◆ Supplied records:
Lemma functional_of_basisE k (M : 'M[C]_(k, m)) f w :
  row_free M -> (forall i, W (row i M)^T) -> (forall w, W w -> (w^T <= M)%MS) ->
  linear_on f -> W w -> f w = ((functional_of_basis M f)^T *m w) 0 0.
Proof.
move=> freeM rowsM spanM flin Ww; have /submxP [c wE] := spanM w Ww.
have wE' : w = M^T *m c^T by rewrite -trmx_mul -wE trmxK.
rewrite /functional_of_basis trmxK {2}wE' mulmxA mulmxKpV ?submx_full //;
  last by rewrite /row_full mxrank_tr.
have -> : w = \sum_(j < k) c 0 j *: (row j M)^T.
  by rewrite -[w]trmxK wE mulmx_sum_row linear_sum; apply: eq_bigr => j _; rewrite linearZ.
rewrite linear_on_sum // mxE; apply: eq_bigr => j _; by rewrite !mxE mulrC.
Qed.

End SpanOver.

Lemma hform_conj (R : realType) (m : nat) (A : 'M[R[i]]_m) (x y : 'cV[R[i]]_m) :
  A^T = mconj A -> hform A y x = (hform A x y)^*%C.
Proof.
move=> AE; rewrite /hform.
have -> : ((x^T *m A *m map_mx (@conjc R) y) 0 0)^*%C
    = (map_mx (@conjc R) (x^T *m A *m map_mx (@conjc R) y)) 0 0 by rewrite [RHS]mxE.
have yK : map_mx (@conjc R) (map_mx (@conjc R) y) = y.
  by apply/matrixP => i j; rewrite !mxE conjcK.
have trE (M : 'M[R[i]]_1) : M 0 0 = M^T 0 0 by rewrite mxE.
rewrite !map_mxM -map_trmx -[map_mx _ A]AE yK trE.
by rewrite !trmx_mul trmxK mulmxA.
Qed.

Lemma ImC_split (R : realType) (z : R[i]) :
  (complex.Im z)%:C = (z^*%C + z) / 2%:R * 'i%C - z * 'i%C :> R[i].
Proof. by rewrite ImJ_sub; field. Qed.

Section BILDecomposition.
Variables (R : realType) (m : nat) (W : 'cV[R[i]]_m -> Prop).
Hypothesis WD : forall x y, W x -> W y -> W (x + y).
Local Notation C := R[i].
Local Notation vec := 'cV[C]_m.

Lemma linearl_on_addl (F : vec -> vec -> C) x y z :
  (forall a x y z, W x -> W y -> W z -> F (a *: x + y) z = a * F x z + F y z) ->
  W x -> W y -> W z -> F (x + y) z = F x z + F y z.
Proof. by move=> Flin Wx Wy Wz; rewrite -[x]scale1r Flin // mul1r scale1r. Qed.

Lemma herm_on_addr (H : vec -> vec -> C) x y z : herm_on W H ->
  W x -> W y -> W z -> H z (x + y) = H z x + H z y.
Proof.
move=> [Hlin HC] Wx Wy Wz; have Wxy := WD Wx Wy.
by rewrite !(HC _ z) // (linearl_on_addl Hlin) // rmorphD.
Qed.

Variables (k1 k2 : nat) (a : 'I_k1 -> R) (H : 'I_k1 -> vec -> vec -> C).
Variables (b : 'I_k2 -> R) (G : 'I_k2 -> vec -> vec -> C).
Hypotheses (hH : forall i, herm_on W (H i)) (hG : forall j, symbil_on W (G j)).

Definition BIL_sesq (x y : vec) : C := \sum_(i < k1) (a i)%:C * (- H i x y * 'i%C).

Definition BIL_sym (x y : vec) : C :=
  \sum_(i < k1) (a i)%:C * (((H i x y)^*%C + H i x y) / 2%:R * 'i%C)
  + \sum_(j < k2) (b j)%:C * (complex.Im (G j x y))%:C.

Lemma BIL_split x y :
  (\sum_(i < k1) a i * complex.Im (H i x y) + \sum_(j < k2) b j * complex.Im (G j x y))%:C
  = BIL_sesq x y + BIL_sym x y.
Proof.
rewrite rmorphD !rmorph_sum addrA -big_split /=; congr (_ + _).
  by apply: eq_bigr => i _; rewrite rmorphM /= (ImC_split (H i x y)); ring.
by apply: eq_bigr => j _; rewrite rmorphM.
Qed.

◆ Work to complete: Repeat each line of the data exactly as it appears above.

◆ Exercise solution:
Lemma functional_of_basisE k (M : 'M[C]_(k, m)) f w :
  row_free M -> (forall i, W (row i M)^T) -> (forall w, W w -> (w^T <= M)%MS) ->
  linear_on f -> W w -> f w = ((functional_of_basis M f)^T *m w) 0 0.
Proof.
move=> freeM rowsM spanM flin Ww; have /submxP [c wE] := spanM w Ww.
have wE' : w = M^T *m c^T by rewrite -trmx_mul -wE trmxK.
rewrite /functional_of_basis trmxK {2}wE' mulmxA mulmxKpV ?submx_full //;
  last by rewrite /row_full mxrank_tr.
have -> : w = \sum_(j < k) c 0 j *: (row j M)^T.
  by rewrite -[w]trmxK wE mulmx_sum_row linear_sum; apply: eq_bigr => j _; rewrite linearZ.
rewrite linear_on_sum // mxE; apply: eq_bigr => j _; by rewrite !mxE mulrC.
Qed.

End SpanOver.

Lemma hform_conj (R : realType) (m : nat) (A : 'M[R[i]]_m) (x y : 'cV[R[i]]_m) :
  A^T = mconj A -> hform A y x = (hform A x y)^*%C.
Proof.
move=> AE; rewrite /hform.
have -> : ((x^T *m A *m map_mx (@conjc R) y) 0 0)^*%C
    = (map_mx (@conjc R) (x^T *m A *m map_mx (@conjc R) y)) 0 0 by rewrite [RHS]mxE.
have yK : map_mx (@conjc R) (map_mx (@conjc R) y) = y.
  by apply/matrixP => i j; rewrite !mxE conjcK.
have trE (M : 'M[R[i]]_1) : M 0 0 = M^T 0 0 by rewrite mxE.
rewrite !map_mxM -map_trmx -[map_mx _ A]AE yK trE.
by rewrite !trmx_mul trmxK mulmxA.
Qed.

Lemma ImC_split (R : realType) (z : R[i]) :
  (complex.Im z)%:C = (z^*%C + z) / 2%:R * 'i%C - z * 'i%C :> R[i].
Proof. by rewrite ImJ_sub; field. Qed.

Section BILDecomposition.
Variables (R : realType) (m : nat) (W : 'cV[R[i]]_m -> Prop).
Hypothesis WD : forall x y, W x -> W y -> W (x + y).
Local Notation C := R[i].
Local Notation vec := 'cV[C]_m.

Lemma linearl_on_addl (F : vec -> vec -> C) x y z :
  (forall a x y z, W x -> W y -> W z -> F (a *: x + y) z = a * F x z + F y z) ->
  W x -> W y -> W z -> F (x + y) z = F x z + F y z.
Proof. by move=> Flin Wx Wy Wz; rewrite -[x]scale1r Flin // mul1r scale1r. Qed.

Lemma herm_on_addr (H : vec -> vec -> C) x y z : herm_on W H ->
  W x -> W y -> W z -> H z (x + y) = H z x + H z y.
Proof.
move=> [Hlin HC] Wx Wy Wz; have Wxy := WD Wx Wy.
by rewrite !(HC _ z) // (linearl_on_addl Hlin) // rmorphD.
Qed.

Variables (k1 k2 : nat) (a : 'I_k1 -> R) (H : 'I_k1 -> vec -> vec -> C).
Variables (b : 'I_k2 -> R) (G : 'I_k2 -> vec -> vec -> C).
Hypotheses (hH : forall i, herm_on W (H i)) (hG : forall j, symbil_on W (G j)).

Definition BIL_sesq (x y : vec) : C := \sum_(i < k1) (a i)%:C * (- H i x y * 'i%C).

Definition BIL_sym (x y : vec) : C :=
  \sum_(i < k1) (a i)%:C * (((H i x y)^*%C + H i x y) / 2%:R * 'i%C)
  + \sum_(j < k2) (b j)%:C * (complex.Im (G j x y))%:C.

Lemma BIL_split x y :
  (\sum_(i < k1) a i * complex.Im (H i x y) + \sum_(j < k2) b j * complex.Im (G j x y))%:C
  = BIL_sesq x y + BIL_sym x y.
Proof.
rewrite rmorphD !rmorph_sum addrA -big_split /=; congr (_ + _).
  by apply: eq_bigr => i _; rewrite rmorphM /= (ImC_split (H i x y)); ring.
by apply: eq_bigr => j _; rewrite rmorphM.
Qed.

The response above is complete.